Sebbene la MV possa ancora rappresentare ad oggi un valido aiuto, presenta comunque dei limiti. Infatti, la sua perfetta esecuzione richiede un’adeguata collaborazione da parte del
paziente che non sempre risulta facile da ottenere. Inoltre, in
ambito ecocardiografico, non sempre le immagini e il segnale
Doppler ottenuti risultano di qualità adeguata specialmente durante l’esecuzione della fase II, limitandone, di fatto, la fattibilità.

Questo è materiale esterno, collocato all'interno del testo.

Lemma kmap_homog (M N : bmod R) (K : kernel M N) (t k : int) n (v : vec M n) :
  (forall b c, K n b c != 0 -> bdeg N c = bdeg M b + t) ->
  homog k v -> homog (k + t) (kmap K v).
Proof.
move=> Kdeg vk c; rewrite ffunE => nz.
have /existsP[b vbK] : [exists b, v b * K n b c != 0].
  apply: contraNT nz => /existsPn z; apply/eqP.
  by rewrite big1 // => b _; apply/eqP; rewrite -[_ == 0]negbK z.
have vb : v b != 0 by apply: contra_neq vbK => ->; rewrite mul0r.
have Kb : K n b c != 0 by apply: contra_neq vbK => ->; rewrite mulr0.
by rewrite (Kdeg b) // vk.
Qed.

Lemma kmap_vact (M N : bmod R) (K : kernel M N) n (d : n.+1.-tuple nat) (v : vec M n) :
  (forall b c, K _ (bact M d b) c = \sum_(b' | bact N d b' == c) K n b b') ->
  kmap K (vact d v) = vact d (kmap K v).
Proof.
move=> Kact; apply/ffunP => c; rewrite /kmap /vact !ffunE.
under eq_bigr do rewrite ffunE.
rewrite sum_fiber_mulr.
under [RHS]eq_bigr do rewrite ffunE.
rewrite exchange_big /=; apply: eq_bigr => b _.
by rewrite Kact mulr_sumr.
Qed.

Lemma eq_kmap (M N : bmod R) (K L : kernel M N) n (v : vec M n) :
  (forall b c, K n b c = L n b c) -> kmap K v = kmap L v.
Proof.
by move=> KL; apply/ffunP => c; rewrite !ffunE; apply: eq_bigr => b _; rewrite KL.
Qed.

Lemma represents_hom_of_deg (M N : bmod R) (K : kernel M N) f (t : int) :
  represents K f ->
  (forall n b c, K n b c != 0 -> bdeg N c = bdeg M b + t) ->
  (forall n (d : n.+1.-tuple nat) b c,
     K _ (bact M d b) c = \sum_(b' | bact N d b' == c) K n b b') ->
  hom_of_deg t f.
Proof.
move=> fK Kdeg Kact; split=> [n a u v|n k v|n d v]; rewrite !fK.
- exact: kmap_linear.
- exact: kmap_homog (Kdeg n).
- exact: kmap_vact (Kact n d).
Qed.

Lemma represents_closed_hom (M N : bmod R) (K : kernel M N) f :
  represents K f ->
  (forall n b c, kcomp K (@bdiff R N) n b c = kcomp (@bdiff R M) K n b c) ->
  closed_hom f.
Proof.
by move=> fK KD n v; rewrite !fK !vdiff_kmap !kmap_comp; apply: eq_kmap.
Qed.

Lemma kmap_homotopy (M : bmod R) (P H : kernel M M) n (v : vec M n) c :
  (forall b, P n b c - (b == c)%:R
             = kcomp H (@bdiff R M) n b c + kcomp (@bdiff R M) H n b c) ->
  kmap P v c - v c = vdiff (kmap H v) c + kmap H (vdiff v) c.
Proof.
move=> PH; rewrite !vdiff_kmap !kmap_comp !ffunE -big_split /=.
under [RHS]eq_bigr do rewrite -mulrDr -PH mulrBr.
rewrite sumrB; congr (_ - _); rewrite (bigD1 c) //= eqxx mulr1 big1 ?addr0 //.
by move=> b /negbTE ->; rewrite mulr0.
Qed.
End Kernels.


Definition label1 n (b : FB n) g := (b g : nat) == 1%N.

Definition no1_after n (b : FB n) (k : 'I_n) :=
  [forall g : 'I_n, (k < g)%N ==> ((b g : nat) != 1%N)].

Definition hgap n (b : FB n) k := ((b k : nat) == 2%N) && no1_after b k.

Definition hmove n (b : FB n) (k : 'I_n) : FB n :=
  [ffun g => if g == k then lab 1 else if (k < g)%N then lab 0 else b g].

Definition hK (R : pzRingType) : kernel (F1_mod R) (F1_mod R) :=
  fun n b c => \sum_(k | hgap b k) (c == hmove b k)%:R.
Arguments hK R [n] b c.

Definition dsign (R : pzRingType) n (b : FB n) (g : 'I_n) : R :=
  (-1) ^+ #|[pred g' : 'I_n | (g < g')%N && ((b g' : nat) == 1%N)]|.

Definition dterm (R : pzRingType) n (b0 c : FB n) g : R :=
  (b0 == updF c g 0)%:R - (b0 == updF c g 2)%:R.

Definition zero_from n (b : FB n) (j : nat) : FB n :=
  [ffun g : 'I_n => if (j <= g)%N then lab 0 else b g].

Section Homotopy.
Variables (R : pzRingType) (n : nat).
Implicit Types (b c : FB n) (g k : 'I_n).

Lemma dF_coefE b b0 : dF_coef R b b0 = \sum_(g | label1 b g) dsign R b g * dterm R b0 b g.
Proof. by []. Qed.

Lemma sum_dF_mull b (X : FB n -> R) :
  \sum_c dF_coef R b c * X c =
  \sum_(g | label1 b g) dsign R b g * (X (updF b g 0) - X (updF b g 2)).
Proof.
under eq_bigr do rewrite big_distrl.
rewrite exchange_big; apply: eq_bigr => g _ /=.
under eq_bigr do rewrite -mulrA mulrBl.
by rewrite -mulr_sumr sumrB !sum_delta_mull.
Qed.

Lemma sum_hK_mull b (X : FB n -> R) :
  \sum_c hK R b c * X c = \sum_(k | hgap b k) X (hmove b k).
Proof.
under eq_bigr do rewrite big_distrl.
by rewrite exchange_big; apply: eq_bigr => k _ /=; rewrite sum_delta_mull.
Qed.

Lemma updFE b g x g' : updF b g x g' = if g' == g then lab x else b g'.
Proof. by rewrite ffunE. Qed.

Lemma hmoveE b k g :
  hmove b k g = if g == k then lab 1 else if (k < g)%N then lab 0 else b g.
Proof. by rewrite ffunE. Qed.

Lemma f1_only_updF02 b g : f1_only (updF b g 0) = f1_only (updF b g 2).
Proof.
by apply: eq_forallb => g'; rewrite !updFE; case: (g' =P g) => _; rewrite ?val_lab.
Qed.

Lemma label1_hmove b k g : label1 (hmove b k) g = (g == k) || ((g < k)%N && label1 b g).
Proof.
rewrite /label1 hmoveE; case: (g =P k) => [->|/eqP ne]; first by rewrite val_lab.
case: ltnP => h /=; first by rewrite val_lab // ltnNge ltnW.
by rewrite ltn_neqAle h val_eqE ne.
Qed.

Lemma hgap_updF02 b g k : k != g -> hgap (updF b g 0) k = hgap (updF b g 2) k.
Proof.
move=> kg; rewrite /hgap /no1_after !updFE (negbTE kg); congr andb.
apply: eq_forallb => g'; rewrite !updFE.
by case: (g' =P g) => // _; rewrite !val_lab.
Qed.

Lemma hgap_updF_gt b g k x : (g < k)%N -> hgap (updF b g x) k = hgap b k.
Proof.
move=> gk; rewrite /hgap /no1_after updFE ifF; last first.
  by apply/negbTE; apply: contraTneq gk => ->; rewrite ltnn.
congr andb; apply: eq_forallb => g'; rewrite updFE; case: (g' =P g) => // ->.
by rewrite ltnNge ltnW.
Qed.

Lemma hgap_updF0 b g : hgap (updF b g 0) g = false.
Proof. by rewrite /hgap updFE eqxx val_lab. Qed.

Lemma hgap_updF2 b g : hgap (updF b g 2) g = no1_after b g.
Proof.
rewrite /hgap updFE eqxx val_lab //=; apply: eq_forallb => g'; rewrite updFE.
by case: (g' =P g) => // ->; rewrite ltnn.
Qed.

Infine, non esiste uno standard di quantificazione della sua
efficacia con conseguente notevole variabilità dei risultati ottenuti con il suo utilizzo.
In conclusione, la manovra introdotta da Antonio Maria Valsalva, per la facilità di esecuzione e la sua semplice riproducibilità, rappresenta ancora oggi, a distanza di secoli, un valido elemento di supporto diagnostico nel quotidiano cardiologico, fornendo un valore diagnostico incrementale alle innovazioni tecnologiche.